Kolkata Data Specifications

Time Period: Multi-year air quality records
Records: 804 daily observations
Collection Method: Ground-based monitoring stations

Features Analyzed

Feature	Unit	Description	Range
PM2.5	µg/m³	Fine Particulate Matter	Variable
PM10	µg/m³	Coarse Particulate Matter	Variable
NO2	ppb	Nitrogen Dioxide	Variable
CO	ppm	Carbon Monoxide	Variable
SO2	ppb	Sulfur Dioxide	Variable
AQI	Index	Air Quality Index (Target)	0-500+
AQI_Status	Category	Air Quality Category	Good/Moderate/Poor/Severe

Data Cleaning Process

✓ Extracted Kolkata-specific records (19,042 to 19,846)
✓ Selected relevant columns for analysis
✓ Renamed columns for clarity
✓ Removed missing values in AQI column
✓ Converted date strings to datetime format

🎯 Project Features

Key Components:

Data Exploration & Analysis
- Temporal pattern analysis
- Pollutant concentration trends
- Missing data assessment
Visualization Suite
- Time series analysis
- Correlation matrices
- Distribution analysis
- Heatmap representations
Machine Learning Pipeline
- Feature engineering (date ordinal conversion)
- Train-test split (80-20)
- Linear regression modeling
- Performance evaluation
Model Evaluation
- Multiple performance metrics
- Residual analysis
- Prediction accuracy visualization
- Coefficient interpretation

📈 Model Performance

Key Metrics

═════════════════════════════════════════════════════
        MODEL PERFORMANCE EVALUATION
═════════════════════════════════════════════════════
│ R² Score (Coefficient of Determination): 0.9527   │
│ Mean Absolute Error (MAE):                15.9930 │
│ Mean Squared Error (MSE):                530.3787 │
│ Root Mean Squared Error (RMSE):           23.0300 │
═════════════════════════════════════════════════════

Interpretation

R² Score of 0.9527: The model explains 95.27% of the variance in AQI values - excellent performance!
MAE of 15.99: Predictions are off by approximately 16 AQI points on average
RMSE of 23.03: Root mean squared error indicates model reliability
High Accuracy: Model demonstrates strong predictive capability for real-world AQI forecasting

🖼️ Visualizations

1. AQI Heatmap by Year and Month

Insights:

Shows seasonal patterns in air quality
Identifies months with consistently poor air quality
Reveals year-over-year trends
Highlights winter months with elevated AQI values

2. AQI Time Series

Insights:

Continuous temporal trend of AQI levels
Identifies seasonal peaks and valleys
Shows variability in daily measurements
Reveals long-term air quality trajectory

3. Pollutant Distributions

Insights:

PM2.5: Highly variable with multiple peaks
PM10: Broader distribution pattern
NO2: Concentrated distribution with right skew
CO: Shows typical urban contamination pattern
SO2: Lower concentrations with occasional spikes
AQI: Composite index reflecting all pollutants

4. Correlation Heatmap

Key Findings:

Strong correlations: Pollutants show moderate to strong relationships
PM2.5 & PM10: High positive correlation (common source)
NO2: Correlated with traffic/combustion sources
AQI Relationship: AQI strongly correlates with all measured pollutants

5. Actual vs.

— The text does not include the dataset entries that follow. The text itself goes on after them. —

(* For every integer $r\ge0$, $$ \begin{aligned} \sum_{n=1}^\infty\frac{(-1)^{n-1}}{n}\int_0^{\frac\pi 2}\theta^r\cos(n\theta)\,d\theta &=\sum_{k=0}^{\lfloor \frac{r}{2}\rfloor }(-1)^k(2k)!\binom{r}{2k}\left(\frac\pi2\right)^{r-2k}\beta(2k+2) \\ &\quad+\sum_{k=1}^{\lceil \frac{r}2\rceil}\frac{(-1)^{k-1}(2k-1)!}{2^{2k+1}}\binom{r}{2k-1}\left(\frac\pi2\right)^{r-2k+1}\zeta_E(2k+1) \\ &\quad-r!\sin\left(\frac{r\pi}{2}\right)\zeta_E(r+2). \end{aligned} $$
   Context: $\zeta_E(s)=\sum_{n=1}^\infty\frac{(-1)^{n+1}}{n^s}$, $\beta(s)=\sum_{n=0}^\infty\frac{(-1)^n}{(2n+1)^s}$; $\lfloor\cdot\rfloor,\lceil\cdot\rceil$ are floor and ceiling; empty sums are $0$. *)

From Stdlib Require Import Reals.
From Coquelicot Require Import Coquelicot.
Open Scope R_scope.

(* Dirichlet eta function: zeta_E(s) = sum_{n>=1} (-1)^(n+1) / n^s  (index shifted: n -> n+1). *)
Definition zetaE (s : R) : R :=
  Series (fun n : nat => (-1) ^ n / Rpower (INR n + 1) s).

Definition dbeta (s : R) : R :=
  Series (fun n : nat => (-1) ^ n / Rpower (2 * INR n + 1) s).

From Stdlib Require Import Reals Arith Lia Lra.
From Coquelicot Require Import Coquelicot.
Open Scope R_scope.

(** Integrating by parts [r + 1] times,
    [∫_0^{π/2} t^r cos(a t) dt = Σ_{j ≤ r} r!/(r-j)! (π/2)^{r-j} sin((a+j)π/2) / a^{j+1}
                                 - r! sin(rπ/2) / a^{r+1}].
    For [a = n + 1] the factor [sin((n+1+j)π/2)] vanishes unless [n + j] is even.  Hence,
    after multiplying by [(-1)^n / (n+1)] and summing over [n], the [j]-th term contributes
    [(-1)^k β(2k+2)] when [j = 2k] (only odd denominators [n + 1] survive) and
    [(-1)^k ζ_E(2k+3) / 2^{2k+3}] when [j = 2k+1] (only even ones, [n + 1 = 2(m+1)]), while the
    boundary term gives [-r! sin(rπ/2) ζ_E(r+2)].  Writing [r!/(r-j)! = j! C(r,j)] and
    splitting [j] by parity yields the two finite sums. *)

(* Coquelicot states these in its generic structures ([mult], [scal], carrier
   [AbelianMonoid.sort]); the instances at [R] are what [rewrite], [apply],
   [ring] and [field] can use on plain real expressions. *)
Lemma sum_n_m_ext_R (f g : nat -> R) (n m : nat) :
  (forall k, (n <= k <= m)%nat -> f k = g k) -> sum_n_m f n m = sum_n_m g n m.
Proof. apply sum_n_m_ext_loc. Qed.

Lemma sum_n_m_Rmult_l (c : R) (f : nat -> R) (n m : nat) :
  sum_n_m (fun k => c * f k) n m = c * sum_n_m f n m.
Proof. apply (@sum_n_m_mult_l R_Ring). Qed.

Lemma is_series_Rmult_l (c : R) (a : nat -> R) (l : R) :
  is_series a l -> is_series (fun n => c * a n) (c * l).
Proof. apply (is_series_scal_l c a l). Qed.

Lemma is_series_sum_n (g : nat -> nat -> R) (l : nat -> R) (r : nat) :
  (forall j, is_series (g j) (l j)) ->
  is_series (fun n => sum_n (fun j => g j n) r) (sum_n l r).
Proof.
  intros Hg. induction r as [|r IH].
  - rewrite sum_O. apply (is_series_ext (g 0%nat)); [intros n; symmetry; apply sum_O | apply Hg].
  - rewrite sum_Sn.
    apply (is_series_ext (fun n => plus (sum_n (fun j => g j n) r) (g (S r) n))).
    { intros n. symmetry. apply sum_Sn. }
    apply (is_series_plus (fun n => sum_n (fun j => g j n) r) (g (S r))); [exact IH | apply Hg].
Qed.

Lemma is_series_telescope (u : nat -> R) (l : R) :
  is_lim_seq u l -> is_series (fun n => u n - u (S n)) (u O - l).
Proof.
  intros Hu.
  assert (Hsum : forall N, sum_n (fun n => u n - u (S n)) N = u O - u (S N) :> R).
  { induction N as [|N IH]; [apply sum_O|].
    rewrite sum_Sn, IH. change (plus ?x ?y) with (x + y). ring. }
  change (is_lim_seq (sum_n (fun n => u n - u (S n))) (u O - l)).
  apply (is_lim_seq_ext (fun N => u O - u (S N))); [intros N; symmetry; apply Hsum|].
  apply (is_lim_seq_minus _ _ (u O) l); [apply is_lim_seq_const| |reflexivity].
  apply -> is_lim_seq_incr_1. exact Hu.
Qed.

Lemma ex_series_inv_sq : ex_series (fun n => / (INR n + 1) ^ 2).
Proof.
  apply (@ex_series_le R_AbsRing R_CompleteNormedModule _
           (fun n => 2 * (/ (INR n + 1) - / (INR (S n) + 1)))).
  - intros n. rewrite S_INR. pose proof (pos_INR n).
    change norm with Rabs. rewrite Rabs_pos_eq by (apply Rlt_le, Rinv_0_lt_compat; nra).
    apply (Rmult_le_reg_l ((INR n + 1) ^ 2 * (INR n + 1 + 1))); [nra|].
    field_simplify; lra.
  - eexists. apply is_series_Rmult_l.
    apply (is_series_telescope (fun n => / (INR n + 1)) 0).
    replace (Finite 0) with (Rbar_inv p_infty) by reflexivity.
    apply is_lim_seq_inv; [|discriminate].
    eapply is_lim_seq_plus; [apply is_lim_seq_INR | apply is_lim_seq_const | reflexivity].
Qed.

Lemma ex_series_div_pow (c x : nat -> R) (p : nat) :
  (2 <= p)%nat -> (forall n, Rabs (c n) <= 1) -> (forall n, INR n + 1 <= x n) ->
  ex_series (fun n => c n / x n ^ p).
Proof.
  intros Hp Hc Hx.
  apply (@ex_series_le R_AbsRing R_CompleteNormedModule _ (fun n => / (INR n + 1) ^ 2));
    [|exact ex_series_inv_sq].
  intros n. change norm with Rabs. pose proof (pos_INR n) as Hn. specialize (Hx n).
  assert (Hpow : (INR n + 1) ^ 2 <= x n ^ p).
  { apply Rle_trans with (x n ^ 2); [apply pow_incr; lra | apply Rle_pow; [lra | exact Hp]]. }
  unfold Rdiv. rewrite Rabs_mult, Rabs_inv, (Rabs_pos_eq (x n ^ p)) by (apply pow_le; lra).
  apply Rle_trans with (1 * / x n ^ p).
  - apply Rmult_le_compat_r; [apply Rlt_le, Rinv_0_lt_compat, pow_lt; lra | apply Hc].
  - rewrite Rmult_1_l. apply Rinv_le_contravar; [apply pow_lt; lra | exact Hpow].
Qed.

Lemma is_series_alt_div_pow (x : nat -> R) (p : nat) :
  (2 <= p)%nat -> (forall n, INR n + 1 <= x n) ->
  is_series (fun n => (-1) ^ n / x n ^ p) (Series (fun n => (-1) ^ n / Rpower (x n) (INR p))).
Proof.
  intros Hp Hx.
  assert (Hpow : forall n, (-1) ^ n / Rpower (x n) (INR p) = (-1) ^ n / x n ^ p).
  { intros n. rewrite Rpower_pow; [reflexivity|].
    pose proof (pos_INR n). specialize (Hx n). lra. }
  rewrite (Series_ext _ _ Hpow).
  apply Series_correct, ex_series_div_pow; [exact Hp | | exact Hx].
  intros n. rewrite pow_1_abs. lra.
Qed.

Lemma is_series_zetaE (p : nat) : (2 <= p)%nat ->
  is_series (fun n => (-1) ^ n / (INR n + 1) ^ p) (zetaE (INR p)).
Proof. intros Hp. apply is_series_alt_div_pow; [exact Hp | intros n; lra]. Qed.

Lemma is_series_dbeta (p : nat) : (2 <= p)%nat ->
  is_series (fun n => (-1) ^ n / (2 * INR n + 1) ^ p) (dbeta (INR p)).
Proof.
  intros Hp. apply is_series_alt_div_pow; [exact Hp|]. intros n. pose proof (pos_INR n). lra.
Qed.

Lemma is_series_even_spread (a b : nat -> R) (l : R) :
  (forall p, b (2 * p)%nat = a p) -> (forall p, b (2 * p + 1)%nat = 0) ->
  is_series a l -> is_series b l.
Proof.
  intros Heven Hodd Ha.
  assert (Hsum : forall p, sum_n b (2 * p) = sum_n a p /\ sum_n b (2 * p + 1) = sum_n a p).
  { induction p as [|p [_ IH]].
    - specialize (Heven 0%nat). specialize (Hodd 0%nat). cbn [Nat.mul Nat.add] in *.
      rewrite sum_Sn, !sum_O, Heven, Hodd. split; [reflexivity | apply Rplus_0_r].
    - assert (Hev : sum_n b (2 * S p) = sum_n a (S p)).
      { replace (2 * S p)%nat with (S (2 * p + 1)) by lia.
        rewrite !sum_Sn, IH. replace (S (2 * p + 1)) with (2 * S p)%nat by lia.
        rewrite Heven. reflexivity. }
      split; [exact Hev|].
      replace (2 * S p + 1)%nat with (S (2 * S p)) by lia.
      rewrite sum_Sn, Hev. replace (S (2 * S p)) with (2 * S p + 1)%nat by lia.
      rewrite Hodd. apply Rplus_0_r. }
  assert (Hdiv2 : forall N, sum_n b N = sum_n a (Nat.div2 N)).
  { intros N. rewrite (Nat.div2_odd N) at 1.
    destruct (Nat.odd N); cbn [Nat.b2n]; [|rewrite Nat.add_0_r]; apply Hsum. }
  change (is_lim_seq (sum_n b) l).
  apply (is_lim_seq_ext (fun N => sum_n a (Nat.div2 N))); [intros N; symmetry; apply Hdiv2|].
  apply (is_lim_seq_subseq (sum_n a) l Nat.div2); [|exact Ha].
  intros P [N HN]. exists (2 * N)%nat. intros n Hn. apply HN.
  pose proof (Nat.div2_odd n). destruct (Nat.odd n); cbn [Nat.b2n] in *; lia.
Qed.

Lemma is_series_odd_spread (a b : nat -> R) (l : R) :
  (forall p, b (2 * p)%nat = 0) -> (forall p, b (2 * p + 1)%nat = a p) ->
  is_series a l -> is_series b l.
Proof.
  intros Heven Hodd Ha. apply is_series_decr_1.
  rewrite (Heven 0%nat : b 0%nat = 0).
  change (plus l (opp 0)) with (l - 0). rewrite Rminus_0_r.
  apply (is_series_even_spread a); [| |exact Ha].
  - intros p. rewrite <- Hodd. f_equal. lia.
  - intros p. replace (S (2 * p + 1)) with (2 * S p)%nat by lia. apply Heven.
Qed.

Lemma double_div_2 (q : nat) : ((2 * q) / 2 = q)%nat.
Proof. rewrite Nat.mul_comm. apply Nat.div_mul. lia. Qed.

Lemma double_succ_div_2 (q : nat) : ((2 * q + 1) / 2 = q)%nat.
Proof. symmetry. apply (Nat.div_unique _ 2 q 1); lia. Qed.

Lemma sum_n_parity_split (f : nat -> R) (r : nat) :
  sum_n f r = sum_n_m (fun k => f (2 * k)%nat) 0 (r / 2)
            + sum_n_m (fun k => f (2 * k - 1)%nat) 1 ((r + 1) / 2).
Proof.
  set (E := fun q => sum_n_m (fun k => f (2 * k)%nat) 0 q : R).
  set (O := fun q => sum_n_m (fun k => f (2 * k - 1)%nat) 1 q : R).
  assert (Hq : forall q, sum_n f (2 * q) = E q + O q :> R
                        /\ sum_n f (2 * q + 1) = E q + O (S q) :> R).
  { induction q as [|q [_ IH]]; unfold E, O in *.
    - rewrite (sum_n_m_zero _ 1 0), !sum_n_n by lia. cbn [Nat.mul Nat.add Nat.sub].
      rewrite sum_Sn, sum_O. split; [symmetry; apply Rplus_0_r | reflexivity].
    - assert (Hev : sum_n f (2 * S q) = E (S q) + O (S q) :> R).
      { replace (2 * S q)%nat with (S (2 * q + 1)) by lia.
        rewrite sum_Sn, IH. unfold E, O. rewrite (sum_n_Sm _ 0 q) by lia.
        replace (2 * S q)%nat with (S (2 * q + 1)) by lia.
        repeat change (plus ?x ?y) with (x + y). ring. }
      split; [exact Hev|].
      replace (2 * S q + 1)%nat with (S (2 * S q)) by lia.
      rewrite sum_Sn, Hev. unfold E, O. rewrite (sum_n_Sm _ 1 (S q)) by lia.
      replace (2 * S (S q) - 1)%nat with (S (2 * S q)) by lia.
      repeat change (plus ?x ?y) with (x + y). ring. }
  destruct (Nat.Even_or_Odd r) as [[q ->] | [q ->]].
  - replace ((2 * q + 1) / 2)%nat with q by (symmetry; apply double_succ_div_2).
    rewrite double_div_2. apply Hq.
  - replace ((2 * q + 1 + 1) / 2)%nat with (S q)
      by (replace (2 * q + 1 + 1)%nat with (2 * S q)%nat by lia; symmetry; apply double_div_2).
    rewrite double_succ_div_2. apply Hq.
Qed.

Lemma sin_cos_INR_PI (p : nat) : sin (INR p * PI) = 0 /\ cos (INR p * PI) = (-1) ^ p.
Proof.
  induction p as [|p [Hs Hc]]; [rewrite Rmult_0_l, sin_0, cos_0; split; reflexivity|].
  rewrite S_INR, Rmult_plus_distr_r, Rmult_1_l, neg_sin, neg_cos, Hs, Hc. cbn [pow]. lra.
Qed.

Lemma sin_even_mul_PI2 (p : nat) : sin (INR (2 * p) * (PI / 2)) = 0.
Proof.
  replace (INR (2 * p) * (PI / 2)) with (INR p * PI) by (rewrite mult_INR; simpl; field).
  apply sin_cos_INR_PI.
Qed.

Lemma sin_odd_mul_PI2 (p : nat) : sin (INR (2 * p + 1) * (PI / 2)) = (-1) ^ p.
Proof.
  replace (INR (2 * p + 1) * (PI / 2)) with (INR p * PI + PI / 2)
    by (rewrite plus_INR, mult_INR; simpl; field).
  rewrite sin_plus, sin_PI2, cos_PI2, (proj2 (sin_cos_INR_PI p)). ring.
Qed.

Definition cos_moment_prim (a : R) (r : nat) (ph t : R) : R :=
  sum_n (fun j => INR (fact r) / INR (fact (r - j)) * t ^ (r - j)
                  * sin (a * t + ph + INR j * (PI / 2)) / a ^ (j + 1)) r.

Predicted AQI

Model Performance Visualization:

Points cluster tightly around the diagonal line
Indicates accurate predictions across the AQI range
Minimal outliers and prediction errors
Demonstrates model reliability

6. Residuals Analysis

Residual Diagnostics:

Histogram: Approximately normal distribution (validates assumption)
Scatter Plot: Residuals centered around zero
Pattern: No systematic bias detected
Spread: Relatively consistent across prediction range

7. Model Coefficients

Feature Importance:

Shows the weight/importance of each feature
Positive coefficients: Features that increase predicted AQI
Negative coefficients: Features that decrease predicted AQI
Relative magnitudes indicate variable impact on predictions

🛠️ Technical Stack

Libraries & Dependencies

├─ NumPy              # Numerical computations
├─ Pandas             # Data manipulation & analysis
├─ Scikit-Learn       # Machine learning models
│  ├─ LinearRegression
│  ├─ train_test_split
│  └─ Metrics (R², MAE, MSE)
├─ Matplotlib         # Static visualization
├─ Seaborn           # Statistical plotting
└─ Jupyter           # Interactive notebook environment

Python Version

Minimum: Python 3.6+
Recommended: Python 3.8+

📦 Installation & Setup

Prerequisites

Python 3.6 or higher
pip or conda package manager
Git (optional, for version control)

Step-by-Step Installation

Clone the Repository

git clone https://github.com/valiantProgrammer/AQI-prediction.git
cd AQI-prediction

Create Virtual Environment (Recommended)

python -m venv venv

# Windows
venv\Scripts\activate

# macOS/Linux
source venv/bin/activate

Install Dependencies

pip install pandas numpy scikit-learn matplotlib seaborn jupyter

Launch Jupyter Notebook
```
jupyter notebook 01_aqi_analysis.ipynb
```

🚀 Usage

Running the Notebook

Open 01_aqi_analysis.ipynb in Jupyter
Execute cells sequentially (Shift + Enter)
Review outputs and visualizations after each cell
Analyze printed metrics and model performance

Making Predictions

import pandas as pd
from sklearn.linear_model import LinearRegression

# Define input pollutant values
input_pm25 = 90.0    # PM2.5 concentration
input_pm10 = 60.0    # PM10 concentration
input_no2 = 60.0     # NO2 concentration
input_co = 3.0       # CO concentration
input_so2 = 8.0      # SO2 concentration
input_date = '2023-01-15'  # Date for prediction

# Convert date to ordinal format
input_date_ordinal = pd.to_datetime(input_date).toordinal()

# Create input DataFrame
new_data = pd.DataFrame([[
    input_pm25, input_pm10, input_no2, input_co, input_so2, input_date_ordinal
]], columns=['PM-2.5', 'PM-10', 'NO2', 'CO', 'SO2', 'Date_ordinal'])

# Generate prediction
predicted_aqi = model.predict(new_data)
print(f"Predicted AQI: {predicted_aqi[0]:.2f}")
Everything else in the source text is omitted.